A pulsar is a type of star that spins and emits regular bursts of radio waves. This particular pulsar, J1719-1438, spins more than 10,000 times a minute. The planet was found because there were oscillations in the the frequency with which the star emitted radio wave bursts; these fluctuations in signal were the result of the gravitational pull of this new planet. The scientists have established the planet’s orbit – it’s very rapid – and also the distance from the pulsar. From this they have also determined the density of the planet – despite being half the mass of Jupiter, it is smaller than the Earth – and therefore incredibly dense. The astronomers believe that the planet is all that remains of a star, probably a white dwarf, that has all of its matter was sucked away by the pulsar.

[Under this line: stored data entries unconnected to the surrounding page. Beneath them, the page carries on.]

Lemma maxdeg_log_concentration (eps : R) : 0 < eps ->
  (fun n => prob (P n) (fun E => eps < `|(maxdeg E)%:R / ln n%:R - 1 / a|)) @ \oo --> 0.
Proof.
move=> eps_gt0; set e := Num.min (a * eps) (1 / 2).
have e_gt0 : 0 < e by rewrite lt_min mulr_gt0 ?divr_gt0.
have [e_le1 e_le2] : e <= a * eps /\ e <= 1 / 2 by split; rewrite ge_min lexx ?orbT.
have c0a : 1 < (1 + e) / a * a by rewrite divfK ?lt0r_neq0 // ltrDl.
have c1_gt0 : 0 < (1 - e) / a by rewrite divr_gt0 //; lra.
have c1a : (1 - e) / a * a < 1 by rewrite divfK ?lt0r_neq0 //; lra.
apply: (squeeze_cvgr _ (cvg_cst 0)); last first.
  rewrite -[X in _ --> X](addr0 0).
  exact: cvgD (prob_maxdeg_ge_log_thr_cvg0 c0a) (prob_maxdeg_lt_log_thr_cvg0 c1_gt0 c1a).
near=> n; have n_gt1 : (1 < n)%N by near: n; exact: nbhs_infty_gt.
have HPn := HP (ltnW n_gt1).
have L_gt0 : 0 < ln n%:R :> R by rewrite ln_gt0 // ltr1n.
have c0L_ge0 : 0 <= (1 + e) / a * ln n%:R.
  by rewrite mulr_ge0 ?divr_ge0 ?addr_ge0 ?ltW.
rewrite (prob_ge0 HPn) /=; apply: le_trans (prob_or_le HPn _ _).
apply: (ler_prob HPn) => E /(ratio_dev_cases L_gt0 a_gt0 e_le1) [up|lo]; apply/orP.
  by left; rewrite log_thr_leq_nat.
by right; rewrite -(ltr_nat R) (lt_trans lo (log_thr_gt _ _)).
Unshelve. all: end_near.
Qed.

Lemma expect_maxdeg_log_cvg :
  (fun n => expect (P n) (fun E => (maxdeg E)%:R) / (ln n%:R / a)) @ \oo --> (1 : R).
Proof.
apply/cvgrPdist_le => eps eps_gt0; set e := Num.min (eps / 2) (1 / 2).
have e_gt0 : 0 < e by rewrite lt_min !divr_gt0.
have [e_le1 e_le2] : e <= eps / 2 /\ e <= 1 / 2 by split; rewrite ge_min lexx ?orbT.
have c0a : 1 < (1 + e) / a * a by rewrite divfK ?lt0r_neq0 // ltrDl.
have c1_gt0 : 0 < (1 - e) / a by rewrite divr_gt0 //; lra.
have c1a : (1 - e) / a * a < 1 by rewrite divfK ?lt0r_neq0 //; lra.
near=> n; have n_gt1 : (1 < n)%N by near: n; exact: nbhs_infty_gt.
have HPn := HP (ltnW n_gt1).
have L_gt0 : 0 < ln n%:R :> R by rewrite ln_gt0 // ltr1n.
have tail_le1 : expect (P n) (fun E => (deg_tail E (log_thr ((1 + e) / a) n))%:R) <= 1.
  by near: n; exact: cvgr_le (expect_deg_tail_cvg0 c0a) _ ltr01.
have p_le : prob (P n) (fun E => (maxdeg E < log_thr ((1 - e) / a) n)%N) <= e.
  by near: n; exact: cvgr_le (prob_maxdeg_lt_log_thr_cvg0 c1_gt0 c1a) _ e_gt0.
have L_ge : 2 * a / e <= ln n%:R by near: n; exact: near_ln_ge.
apply: le_trans (_ : 2 * e <= _); last by lra.
apply: (norm_sub1_ratio_le L_gt0 a_gt0 e_gt0 L_ge).
  apply: le_trans (expect_maxdeg_ge HPn (log_thr ((1 - e) / a) n)).
  rewrite (_ : _ / a * _ = (1 - e) / a * ln n%:R * (1 - e)); last by rewrite expr2; ring.
  apply: ler_pM; [by rewrite mulr_ge0 ?ltW | lra | exact: ltW (log_thr_gt _ _) | lra].
apply: le_trans (expect_maxdeg_le HPn (log_thr ((1 + e) / a) n)) _.
rewrite (_ : _ + 2 = (1 + e) / a * ln n%:R + 1 + 1); last by ring.
apply: lerD => //; apply: log_thr_le.
by rewrite mulr_ge0 ?divr_ge0 ?addr_ge0 ?ltW.
Unshelve. all: end_near.
Qed.

End MaxDegree.

Theorem theorem1 (R : realType)
  (P : forall n : nat, {ffun graph n -> R})
  (dbar : nat -> R) (q : R)
  (HP : forall n, (1 <= n)%N -> random_graph (P n))
  (Hq : 0 < q < 1)
  (Hdbar0 : forall k, (1 <= k)%N -> 0 <= dbar k)
  (Hdbar1 : (fun N => \sum_(1 <= k < N) dbar k) @ \oo --> (1:R))
  (Hlim : forall k, (1 <= k)%N -> (fun n => dnk (P n) k) @ \oo --> dbar k)
  (Hpos : exists K, forall k, (K <= k)%N -> 0 < dbar k)
  (Hlog : (fun k => ln (dbar k) / (k%:R * ln q)) @ \oo --> (1:R))
  (H2a : forall C : R, 0 < C -> forall eps : R, 0 < eps ->
     exists N K : nat, forall n k, (N <= n)%N -> (K <= k)%N ->
       k%:R <= C * ln n%:R ->
       `|dnk (P n) k - dbar k| <= eps * dbar k)
  (H2b : forall C : R, 0 < C -> forall eps : R, 0 < eps ->
     exists N K : nat, forall n k l, (N <= n)%N -> (K <= k)%N -> (K <= l)%N ->
       k%:R <= C * ln n%:R -> l%:R <= C * ln n%:R ->
       `|dnkl (P n) k l - dbar k * dbar l| <= eps * (dbar k * dbar l))
  (H3 : exists qbar : R, 0 < qbar < 1 /\ exists M : R,
     (forall n k, (1 <= n)%N -> (1 <= k)%N -> `|dnk (P n) k| <= M * qbar ^+ k) /\
     (forall n k l, (1 <= n)%N -> (1 <= k)%N -> (1 <= l)%N ->
        `|dnkl (P n) k l| <= M * qbar ^+ (k + l))) :
  (forall eps : R, 0 < eps ->
     (fun n => prob (P n) (fun E =>
        eps < `|(maxdeg E)%:R / ln n%:R - 1 / ln (1 / q)|)) @ \oo --> (0:R))
  /\
  (fun n => expect (P n) (fun E => (maxdeg E)%:R) / (ln n%:R / ln (1 / q)))
     @ \oo --> (1:R).
Proof.
have /andP[q_gt0 q_lt1] := Hq.
have a_gt0 : 0 < - ln q by rewrite oppr_gt0 ln_lt0 ?q_gt0.
have dbar_rate := deg_rate_cvg Hq Hlog.
have dbar_gt0 : \forall k \near \oo, 0 < dbar k.
  by have [K dbarK] := Hpos; exists K => // k /= /dbarK.
have dbar_le := near_dbar_le dbar_rate.
have dbar_ge s (a_lt_s : - ln q < s) := near_dbar_ge dbar_rate a_lt_s dbar_gt0.
have [qb [/andP[qb_gt0 qb_lt1] [M [dnk_le_pow _]]]] := H3.
have -> : ln (1 / q) = - ln q by rewrite div1r lnV ?posrE.
split=> [eps eps_gt0|].
  exact (maxdeg_log_concentration HP a_gt0 dbar_le dbar_ge H2a H2b qb_gt0 qb_lt1 dnk_le_pow eps_gt0).
exact (expect_maxdeg_log_cvg HP a_gt0 dbar_le dbar_ge H2a H2b qb_gt0 qb_lt1 dnk_le_pow).
Qed.
(* Let $G$ be a finite abelian group and let $k \in \mathbb{N}$. Let $B$ be a zero-sum sequence over $G$ such that $\max\mathsf{L}(B)=k$ and $|B|=\mathsf{D}_k(G)$. Then there exist some $g \in G$ with $\mathrm{ord}(g)=\exp(G)$ and some factorization $\zeta_g$ of $B$ with $|\zeta_g|=k$ in which the minimal zero-sum sequence $g^{\mathrm{ord}(g)}$ (the element $g$ repeated $\mathrm{ord}(g)$ times) occurs as a factor at least \[\left\lfloor\frac{k - (\eta(G) - \mathsf{D}(G^-))}{\exp(G)|\mathcal{A}(G)|}\right\rfloor\] times.
   Context: $G$ is written additively. A sequence over $G$ is a finite unordered list of elements with repetitions. A zero-sum sequence has terms summing to $0$; a minimal zero-sum sequence is a non-empty zero-sum sequence with no proper non-empty zero-sum subsequence; $\mathcal{A}(G)$ is the set of these. A factorization of a zero-sum sequence $B$ is a formal unordered product of minimal zero-sum sequences whose product is $B$; $|\zeta|$ is its number of factors; $\mathsf{L}(B)$ is the set of lengths of factorizations of $B$. $\mathsf{D}_k(G)$ is the smallest $\ell$ such that every sequence of length at least $\ell$ has $k$ disjoint non-empty zero-sum subsequences; $\mathsf{D}(H)=\mathsf{D}_1(H)$. $\eta(G)$ is the smallest $\ell$ such that every sequence over $G$ of length at least $\ell$ has a non-empty zero-sum subsequence of length at most $\exp(G)$. $G^-$ denotes an abelian group with $G\cong G^-\oplus C_{\exp(G)}$. *)

From HB Require Import structures.
From mathcomp Require Import all_boot all_order all_algebra all_fingroup all_solvable.
Set Implicit Arguments. Unset Strict Implicit. Unset Printing Implicit Defensive.
Import GRing.Theory.
Local Open Scope ring_scope.

(* A finite abelian group G, written additively, is a finZmodType.  It is also
   viewed as a finGroupType (via FinRing.Zmodule_to_finGroup) to use the
   library notions of element order #[g], exponent, subgroups and direct
   products. *)
Notation gr G := (FinRing.Zmodule_to_finGroup G).

Section Seqs.
Variable G : finZmodType.

(* Sequences over G are modelled by lists, considered up to permutation. *)
Definition zero_sum (s : seq G) : bool := \sum_(x <- s) x == 0.

Definition subseqM (t s : seq G) : Prop := exists u, perm_eq s (t ++ u).

(* minimal zero-sum sequence: non-empty zero-sum, no proper non-empty
   zero-sum subsequence; sub-sequences are selected by a bit mask m, the
   subsequence being proper iff the complementary selection is non-empty *)
Definition minimal_zs (s : seq G) : bool :=
  [&& s != [::], zero_sum s &
      [forall m : (size s).-tuple bool,
        (mask m s != [::]) && (mask (map negb m) s != [::]) ==>
        ~~ zero_sum (mask m s)]].

Definition factorization (B : seq G) (z : seq (seq G)) : Prop :=
  (forall A, A \in z -> minimal_zs A) /\ perm_eq B (flatten z).

Definition maxL_eq (B : seq G) (k : nat) : Prop :=
  (exists z, factorization B z /\ size z = k) /\
  (forall z, factorization B z -> size z <= k)%N.

Definition has_k_disjoint (k : nat) (s : seq G) : Prop :=
  exists ts : seq (seq G), [/\ size ts = k,
    (forall t, t \in ts -> t != [::] /\ zero_sum t) &
    subseqM (flatten ts) s].

Definition Dk_prop (K : {set G}) (k l : nat) : Prop :=
  forall s : seq G, all (mem K) s -> (l <= size s)%N -> has_k_disjoint k s.

Definition is_Dk (K : {set G}) (k n : nat) : Prop :=
  Dk_prop K k n /\ forall l, Dk_prop K k l -> (n <= l)%N.

Definition exponentG : nat := exponent [set: gr G].
Definition ordG (g : G) : nat := #[g : gr G]%g.

Definition eta_prop (l : nat) : Prop :=
  forall s : seq G, (l <= size s)%N ->
    exists t, [/\ subseqM t s, t != [::], zero_sum t & (size t <= exponentG)%N].

Definition is_eta (n : nat) : Prop :=
  eta_prop n /\ forall l, eta_prop l -> (n <= l)%N.

(* |A(G)|: minimal zero-sum sequences counted as multisets, i.e. by their
   multiplicity functions.  Every multiplicity of an element g in a minimal
   zero-sum sequence is at most ord(g) <= |G|, so multiplicity functions with
   values in 'I_(#|G|.+1) represent every element of A(G) exactly once. *)
Definition seq_of_mult (f : {ffun G -> 'I_(#|G|.+1)}) : seq G :=
  flatten [seq nseq (f x) x | x <- enum G].

Definition cardA : nat :=
  #|[set f : {ffun G -> 'I_(#|G|.+1)} | minimal_zs (seq_of_mult f)]|.

End Seqs.

From HB Require Import structures.
From mathcomp Require Import all_boot all_order all_algebra all_fingroup all_solvable.
From mathcomp Require Import zify.
From Stdlib Require Import Classical.
Import GRing.Theory.
Set Implicit Arguments. Unset Strict Implicit. Unset Printing Implicit Defensive.

(* Let z be a factorization of B of maximal length k, and call an atom long when
   its length is at least exp(G).  Peeling off zero-sum subsequences of length
   at most exp(G), which exist by the definition of eta(G), gives
   |B| < k exp(G) + eta(G) - #(short atoms of z).  Conversely a zero-sum free
   sequence over G^- of length D(G^-) - 1, padded with k exp(G) - 1 copies of a
   generator g0 of the cyclic factor, has no k disjoint zero-sum subsequences,
   since each of them needs exp(G) copies of g0; so |B| = D_k(G) is at least
   k exp(G) + D(G^-) - 1.  Hence z has at least k - (eta(G) - D(G^-)) long
   atoms, and by pigeonhole over A(G) some long atom A0 occurs exp(G) q times,
   q being the floor of the statement.  Replacing these copies by q copies of
   the factorization of A0^exp(G) into the atoms x^ord(x), x in A0, does not
   lengthen z only if every element of A0 has order exp(G); the factorization
   obtained then has length k and contains q copies of g^ord(g). *)

Lemma perm_mask_cat (T : eqType) (m : bitseq) (s : seq T) :
  size m = size s -> perm_eq s (mask m s ++ mask (map negb m) s).
Proof.
move=> size_m; apply/seq.permP => P; rewrite count_cat.
by elim: s m size_m => [|x s IH] [|[] m] //= [/IH ->]; lia.
Qed.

The researchers, from The University of Manchester as well as institutions in Australia, Germany, Italy, and the USA, first detected the pulsar using the Parkes radio telescope of the Australian Commonwealth Scientific and Industrial Research Organisation (CSIRO) and followed up their discovery with the Lovell radio telescope, based at Jodrell Bank Observatory in Cheshire, and one of the Keck telescopes in Hawaii.

The project is part of a systematic search for pulsars in the whole sky also involved the 100-m Effelsberg radio telescope of the Max-Planck-Institute for Radioastronomy (MPIfR). “This is the largest and most sensitive survey of this type ever conducted. We expected to find exciting things, and it is great to see it happening. There is more to come!”, promises Prof. Michael Kramer, Director at the MPIfR in Bonn, Germany.

Most pulsars have companion stars. Because the companion object is so small and so close to Pulsar J1719-1438, that the remaining a matter is likely to be carbon and oxygen, probably in a crystalline formation.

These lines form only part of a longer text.